=== WORK INSTRUCTIONS ===
Whenever a line below includes "Prop", add it to the tally, then give the total and nothing more.

=== INPUT FOR THIS TASK ===
(* Let $G=G'\times H$ be a product of commutative groups with $H$ torsion-free, let $U\subset G'$ be finite (identified with $U\times\{0\}\subset G$), and let $\vartheta$ be any of the functionals $\alpha,\alpha',\alpha'',\beta',\beta''$. Then $\vartheta(U,G)=\vartheta(U,G')$.
   Context: $\vartheta(U,K)$ denotes the functional computed with $A,B$ ranging over nonempty finite subsets of the ambient group $K$: $\alpha(U,K)=\inf_{A\supset U,B\supset U}\frac{|A+B|}{\sqrt{|A||B|}}$; $\alpha'(U,K)=\inf_{A\supset U,B\supset U,|A|=|B|}\frac{|A+B|}{|A|}$; $\alpha''(U,K)=\inf_{A\supset U}\frac{|A+A|}{|A|}$; $\beta'(U,K)=\inf_{A,B,|A|=|B|}\frac{|A+B+U|}{\sqrt{|A||B|}}$; $\beta''(U,K)=\inf_A\frac{|A+A+U|}{|A|}$. *)

From HB Require Import structures.
From mathcomp Require Import all_boot all_order all_algebra.
From mathcomp Require Import finmap.
From mathcomp Require Import boolp classical_sets reals.
Set Implicit Arguments. Unset Strict Implicit. Unset Printing Implicit Defensive.
Import Order.TTheory GRing.Theory Num.Theory.
Local Open Scope ring_scope.
Local Open Scope fset_scope.

Definition sumset (K : zmodType) (A B : {fset K}) : {fset K} :=
  [fset (a + b)%R | a in A, b in B].

Definition torsion_free (H : zmodType) : Prop :=
  forall (h : H) (n : nat), (0 < n)%N -> h *+ n = 0 -> h = 0.

Definition embed (G' H : zmodType) (U : {fset G'}) : {fset G' * H} :=
  [fset (u, (0 : H)) | u in U].

Section Functionals.
Variables (R : realType) (K : zmodType).
Local Notation card A := ((#|` A|)%:R : R).

Definition alpha (U : {fset K}) : R :=
  inf [set r | exists A B : {fset K}, [/\ A != fset0, B != fset0,
        U `<=` A, U `<=` B &
        r = card (sumset A B) / Num.sqrt (card A * card B)]].

Definition alpha' (U : {fset K}) : R :=
  inf [set r | exists A B : {fset K}, [/\ A != fset0, B != fset0,
        (U `<=` A) && (U `<=` B), #|` A| = #|` B| &
        r = card (sumset A B) / card A]].

Definition alpha'' (U : {fset K}) : R :=
  inf [set r | exists A : {fset K}, [/\ A != fset0, U `<=` A &
        r = card (sumset A A) / card A]].

Definition beta' (U : {fset K}) : R :=
  inf [set r | exists A B : {fset K}, [/\ A != fset0, B != fset0,
        #|` A| = #|` B| &
        r = card (sumset (sumset A B) U) / Num.sqrt (card A * card B)]].

Definition beta'' (U : {fset K}) : R :=
  inf [set r | exists A : {fset K}, A != fset0 /\
        r = card (sumset (sumset A A) U) / card A].
End Functionals.

(* A map phi that is injective on a finite set X, preserves the relations
   x + y = z + w and x + y + u = z + w + v on X (u, v in U) and maps one copy
   of U onto the other carries every configuration (A, B) with A, B in X to one
   with the same cardinalities and smaller sumsets, so it can only decrease
   each functional. The embedding g |-> (g, 0) gives
   theta(U x {0}, G' x H) <= theta(U, G'). Conversely, if G' has an element g0
   of infinite order, a finite X in G' x H is mapped to G' by
   (x, h) |-> x + N F(h) g0, where F : H -> Z is a homomorphism on the
   subgroup generated by the second coordinates of X that is injective on them
   (it exists because that subgroup is torsion-free) and N is large. If G' is
   a torsion group, U lies in a finite subgroup T, and A = B = T gives
   theta(U, G') <= 1 (or 0 for beta', beta'' when U is empty), whereas
   theta >= 1 in every group since |A + B| >= max(|A|, |B|). *)

From HB Require Import structures.
From mathcomp Require Import all_boot all_order all_algebra.
From mathcomp Require Import finmap.
From mathcomp Require Import boolp classical_sets reals.
Set Implicit Arguments. Unset Strict Implicit. Unset Printing Implicit Defensive.
Import Order.TTheory GRing.Theory Num.Theory.
Local Open Scope fset_scope.
Local Open Scope ring_scope.

Section Sumsets.
Variable K : zmodType.
Implicit Types A B C : {fset K}.

Lemma sumsetP A B s :
  reflect (exists a b, [/\ a \in A, b \in B & s = a + b]) (s \in sumset A B).
Proof.
apply: (iffP (imfset2P _ _ _ _ _)) => [[a aA [b bB ->]]|[a [b [aA bB ->]]]].
  by exists a, b.
by exists a => //; exists b.
Qed.

Lemma mem_sumset A B a b : a \in A -> b \in B -> a + b \in sumset A B.
Proof. by move=> aA bB; apply/sumsetP; exists a, b. Qed.

Lemma sumsetC A B : sumset A B = sumset B A.
Proof.
by apply/fsetP => s; apply/sumsetP/sumsetP => -[a [b [aA bB ->]]];
  exists b, a; rewrite addrC.
Qed.

Lemma sumset0 A : sumset A fset0 = fset0.
Proof. by apply/fsetP => s; rewrite inE; apply/sumsetP => -[a [b [_]]]; rewrite inE. Qed.

Lemma sumset_sub A B C : {in A & B, forall a b, a + b \in C} -> sumset A B `<=` C.
Proof. by move=> ABC; apply/fsubsetP => s /sumsetP [a [b [aA bB ->]]]; apply: ABC. Qed.

Lemma leq_card_sumsetl A B : B != fset0 -> (#|` A| <= #|` sumset A B|)%N.
Proof.
case/fset0Pn => b bB.
have <- : #|` [fset a + b | a in A]| = #|` A|.
  by rewrite card_in_imfset // => x y _ _; apply: addIr.
apply: fsubset_leq_card; apply/fsubsetP => _ /imfsetP [a /= aA ->].
exact: mem_sumset.
Qed.

Lemma leq_card_sumsetr A B : A != fset0 -> (#|` B| <= #|` sumset A B|)%N.
Proof. by move=> nA; rewrite sumsetC leq_card_sumsetl. Qed.

End Sumsets.

Lemma leq_card_functional_image (T1 T2 : choiceType) (D : {fset T1}) (E : {fset T2})
    (P : T1 -> T2 -> Prop) :
  (forall x y y', P x y -> P x y' -> y = y') ->
  (forall y, y \in E -> exists2 x, x \in D & P x y) ->
  (#|` E| <= #|` D|)%N.
Proof.
have [-> _ _|/fset0Pn [y0 _] Pfun PE] := eqVneq E fset0; first by rewrite cardfs0.
pose f x := xget y0 (fun y => y \in E /\ P x y).
suff /fsubset_leq_card ED : E `<=` f @` D by exact: leq_trans ED (leq_imfset_card _ _ _).
apply/fsubsetP => y yE; have [x xD Pxy] := PE y yE.
apply/imfsetP; exists x => //.
have [_ /(Pfun _ _ _ Pxy)//] : (fun y => y \in E /\ P x y) (f x).
by apply: (xgetPex y0 (P := fun y => y \in E /\ P x y)); exists y.
Qed.

Definition freiman_inj (K1 K2 : zmodType) (phi : K1 -> K2) (X U1 : {fset K1})
    (U2 : {fset K2}) : Prop :=
  [/\ {in X &, injective phi},
      forall x y z w, x \in X -> y \in X -> z \in X -> w \in X ->
        x + y = z + w -> phi x + phi y = phi z + phi w,
      forall x y z w u v, x \in X -> y \in X -> z \in X -> w \in X ->
        u \in U1 -> v \in U1 ->
        x + y + u = z + w + v -> phi x + phi y + phi u = phi z + phi w + phi v
    & phi @` U1 = U2].

Section FreimanImages.
Variables (K1 K2 : zmodType) (phi : K1 -> K2) (X U1 : {fset K1}) (U2 : {fset K2}).
Hypothesis fphi : freiman_inj phi X U1 U2.
Variables A B : {fset K1}.
Hypotheses (AX : A `<=` X) (BX : B `<=` X).

Lemma card_freiman_image : #|` phi @` A| = #|` A|.
Proof.
case: fphi => inj _ _ _; move/fsubsetP: AX => AX'.
by rewrite card_in_imfset // => x y /AX' xX /AX' yX; apply: inj.
Qed.

Lemma freiman_image_neq0 : (phi @` A != fset0) = (A != fset0).
Proof. by rewrite -!cardfs_gt0 card_freiman_image. Qed.

Lemma freiman_image_sup : U1 `<=` A -> U2 `<=` phi @` A.
Proof. by case: fphi => _ _ _ <- /fsubsetP UA; apply: subset_imfset. Qed.

Lemma leq_card_freiman_sumset :
  (#|` sumset (phi @` A) (phi @` B)| <= #|` sumset A B|)%N.
Proof.
case: fphi => _ hom2 _ _; move/fsubsetP: AX => AX'; move/fsubsetP: BX => BX'.
apply: (@leq_card_functional_image _ _ _ _
  (fun s t => exists a b, [/\ a \in A, b \in B, s = a + b & t = phi a + phi b])).
  move=> _ t t' [a [b [aA bB -> ->]]] [a' [b' [aA' bB' e ->]]].
  by apply: hom2 e; [apply: AX' | apply: BX' | apply: AX' | apply: BX'].
move=> _ /sumsetP [_ [_ [/imfsetP [a /= aA ->] /imfsetP [b /= bB ->] ->]]].
by exists (a + b); [exact: mem_sumset | exists a, b].
Qed.

Lemma leq_card_freiman_sumset3 :
  (#|` sumset (sumset (phi @` A) (phi @` B)) U2| <= #|` sumset (sumset A B) U1|)%N.
Proof.
case: fphi => _ _ hom3 <-; move/fsubsetP: AX => AX'; move/fsubsetP: BX => BX'.
apply: (@leq_card_functional_image _ _ _ _ (fun s t => exists a b u,
  [/\ a \in A, b \in B, u \in U1, s = a + b + u & t = phi a + phi b + phi u])).
  move=> _ t t' [a [b [u [aA bB uU -> ->]]]] [a' [b' [u' [aA' bB' uU' e ->]]]].
  by apply: hom3 e; [apply: AX' | apply: BX' | apply: AX' | apply: BX' | |].
move=> _ /sumsetP [_ [_ [/sumsetP [_ [_ [/imfsetP [a /= aA ->]
  /imfsetP [b /= bB ->] ->]]] /imfsetP [u /= uU ->] ->]]].
by exists (a + b + u); [do 2 apply: mem_sumset => // | exists a, b, u].
Qed.

End FreimanImages.

Lemma inf_le_of_dominated (R : realType) (S1 S2 : set R) :
  (S1 !=set0)%classic -> (forall y, S2 y -> 0 <= y) ->
  (forall x, S1 x -> exists2 y, S2 y & y <= x) -> inf S2 <= inf S1.
Proof.
move=> S1n0 S2ge0 dom; apply: lb_le_inf => // x /dom [y S2y yx].
by apply: le_trans yx; apply: ge_inf => //; exists 0.
Qed.

Lemma fset1U_neq0 (K : choiceType) (x : K) (A : {fset K}) : x |` A != fset0.
Proof. by apply/fset0Pn; exists x; apply: fset1U1. Qed.

Section FreimanMonotone.
Variables (R : realType) (K1 K2 : zmodType) (U1 : {fset K1}) (U2 : {fset K2}).
Hypothesis freiman : forall X : {fset K1}, exists phi, freiman_inj phi X U1 U2.

Lemma alpha_freiman : alpha R U2 <= alpha R U1.
Proof.
apply: inf_le_of_dominated.
- by eexists; exists (0 |` U1), (0 |` U1); split; rewrite ?fset1U_neq0 ?fsubsetU1.
- by move=> _ [A [B [_ _ _ _ ->]]]; rewrite divr_ge0 ?sqrtr_ge0.
move=> _ [A [B [nA nB UA UB ->]]].
have [phi fphi] := freiman (A `|` B).
have [AX BX] := (fsubsetUl A B, fsubsetUr A B).
eexists.
  exists (phi @` A), (phi @` B); split;
    by rewrite ?(freiman_image_neq0 fphi) ?(freiman_image_sup fphi).
by rewrite !(card_freiman_image fphi) // ler_wpM2r ?invr_ge0 ?sqrtr_ge0 // ler_nat
  (leq_card_freiman_sumset fphi).
Qed.

Lemma alpha'_freiman : alpha' R U2 <= alpha' R U1.
Proof.
apply: inf_le_of_dominated.
- by eexists; exists (0 |` U1), (0 |` U1); split; rewrite ?fset1U_neq0 ?fsubsetU1.
- by move=> _ [A [B [_ _ _ _ ->]]]; rewrite divr_ge0.
move=> _ [A [B [nA nB /andP [UA UB] cAB ->]]].
have [phi fphi] := freiman (A `|` B).
have [AX BX] := (fsubsetUl A B, fsubsetUr A B).
eexists.
  exists (phi @` A), (phi @` B); split=> //; rewrite ?(card_freiman_image fphi) //;
    by rewrite ?(freiman_image_neq0 fphi) ?(freiman_image_sup fphi).
by rewrite (card_freiman_image fphi) // ler_wpM2r ?invr_ge0 // ler_nat
  (leq_card_freiman_sumset fphi).
Qed.

Lemma alpha''_freiman : alpha'' R U2 <= alpha'' R U1.
Proof.
apply: inf_le_of_dominated.
- by eexists; exists (0 |` U1); split; rewrite ?fset1U_neq0 ?fsubsetU1.
- by move=> _ [A [_ _ ->]]; rewrite divr_ge0.
move=> _ [A [nA UA ->]].
have [phi fphi] := freiman A.
have AX := fsubset_refl A.
eexists.
  exists (phi @` A); split;
    by rewrite ?(freiman_image_neq0 fphi) ?(freiman_image_sup fphi).
by rewrite (card_freiman_image fphi) // ler_wpM2r ?invr_ge0 // ler_nat
  (leq_card_freiman_sumset fphi).
Qed.

Lemma beta'_freiman : beta' R U2 <= beta' R U1.
Proof.
apply: inf_le_of_dominated.
- by eexists; exists [fset 0], [fset 0]; split; rewrite -?cardfs_gt0 ?cardfs1.
- by move=> _ [A [B [_ _ _ ->]]]; rewrite divr_ge0 ?sqrtr_ge0.
move=> _ [A [B [nA nB cAB ->]]].
have [phi fphi] := freiman (A `|` B).
have [AX BX] := (fsubsetUl A B, fsubsetUr A B).
eexists.
  exists (phi @` A), (phi @` B); split=> //; rewrite ?(card_freiman_image fphi) //;
    by rewrite ?(freiman_image_neq0 fphi).
by rewrite !(card_freiman_image fphi) // ler_wpM2r ?invr_ge0 ?sqrtr_ge0 // ler_nat
  (leq_card_freiman_sumset3 fphi).
Qed.

Lemma beta''_freiman : beta'' R U2 <= beta'' R U1.
Proof.
apply: inf_le_of_dominated.
- by eexists; exists [fset 0]; split; rewrite -?cardfs_gt0 ?cardfs1.
- by move=> _ [A [_ ->]]; rewrite divr_ge0.
move=> _ [A [nA ->]].
have [phi fphi] := freiman A.
have AX := fsubset_refl A.
eexists; first by exists (phi @` A); split; rewrite ?(freiman_image_neq0 fphi).
by rewrite (card_freiman_image fphi) // ler_wpM2r ?invr_ge0 // ler_nat
  (leq_card_freiman_sumset3 fphi).
Qed.

Lemma freiman_functionals_le :
  [/\ alpha R U2 <= alpha R U1, alpha' R U2 <= alpha' R U1,
      alpha'' R U2 <= alpha'' R U1, beta' R U2 <= beta' R U1 &
      beta'' R U2 <= beta'' R U1].
Proof.
split; [exact: alpha_freiman | exact: alpha'_freiman | exact: alpha''_freiman
       | exact: beta'_freiman | exact: beta''_freiman].
Qed.

End FreimanMonotone.

Section RatioBounds.
Variable R : rcfType.
Implicit Types a b c t : nat.

Lemma natr_div_ge1 a c : (0 < a)%N -> (a <= c)%N -> 1 <= c%:R / a%:R :> R.
Proof. by move=> a_gt0 ac; rewrite ler_pdivlMr ?ltr0n // mul1r ler_nat. Qed.

Lemma natr_div_le1 c t : (0 < t)%N -> (c <= t)%N -> c%:R / t%:R <= 1 :> R.
Proof. by move=> t_gt0 ct; rewrite ler_pdivrMr ?ltr0n // mul1r ler_nat. Qed.

Lemma sqrt_natr_sq t : Num.sqrt (t%:R * t%:R) = t%:R :> R.
Proof. by rewrite -expr2 sqrtr_sqr ger0_norm. Qed.

Lemma natr_div_sqrtM_ge1 a b c : (0 < a)%N -> (0 < b)%N -> (a <= c)%N -> (b <= c)%N ->
  1 <= c%:R / Num.sqrt (a%:R * b%:R) :> R.
Proof.
move=> a_gt0 b_gt0 ac bc.
rewrite ler_pdivlMr ?sqrtr_gt0 -?natrM ?ltr0n ?muln_gt0 ?a_gt0 // mul1r.
by rewrite -(sqrt_natr_sq c) ler_sqrt -?natrM ?ler0n // ler_nat leq_mul.
Qed.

=== REPLY ===
3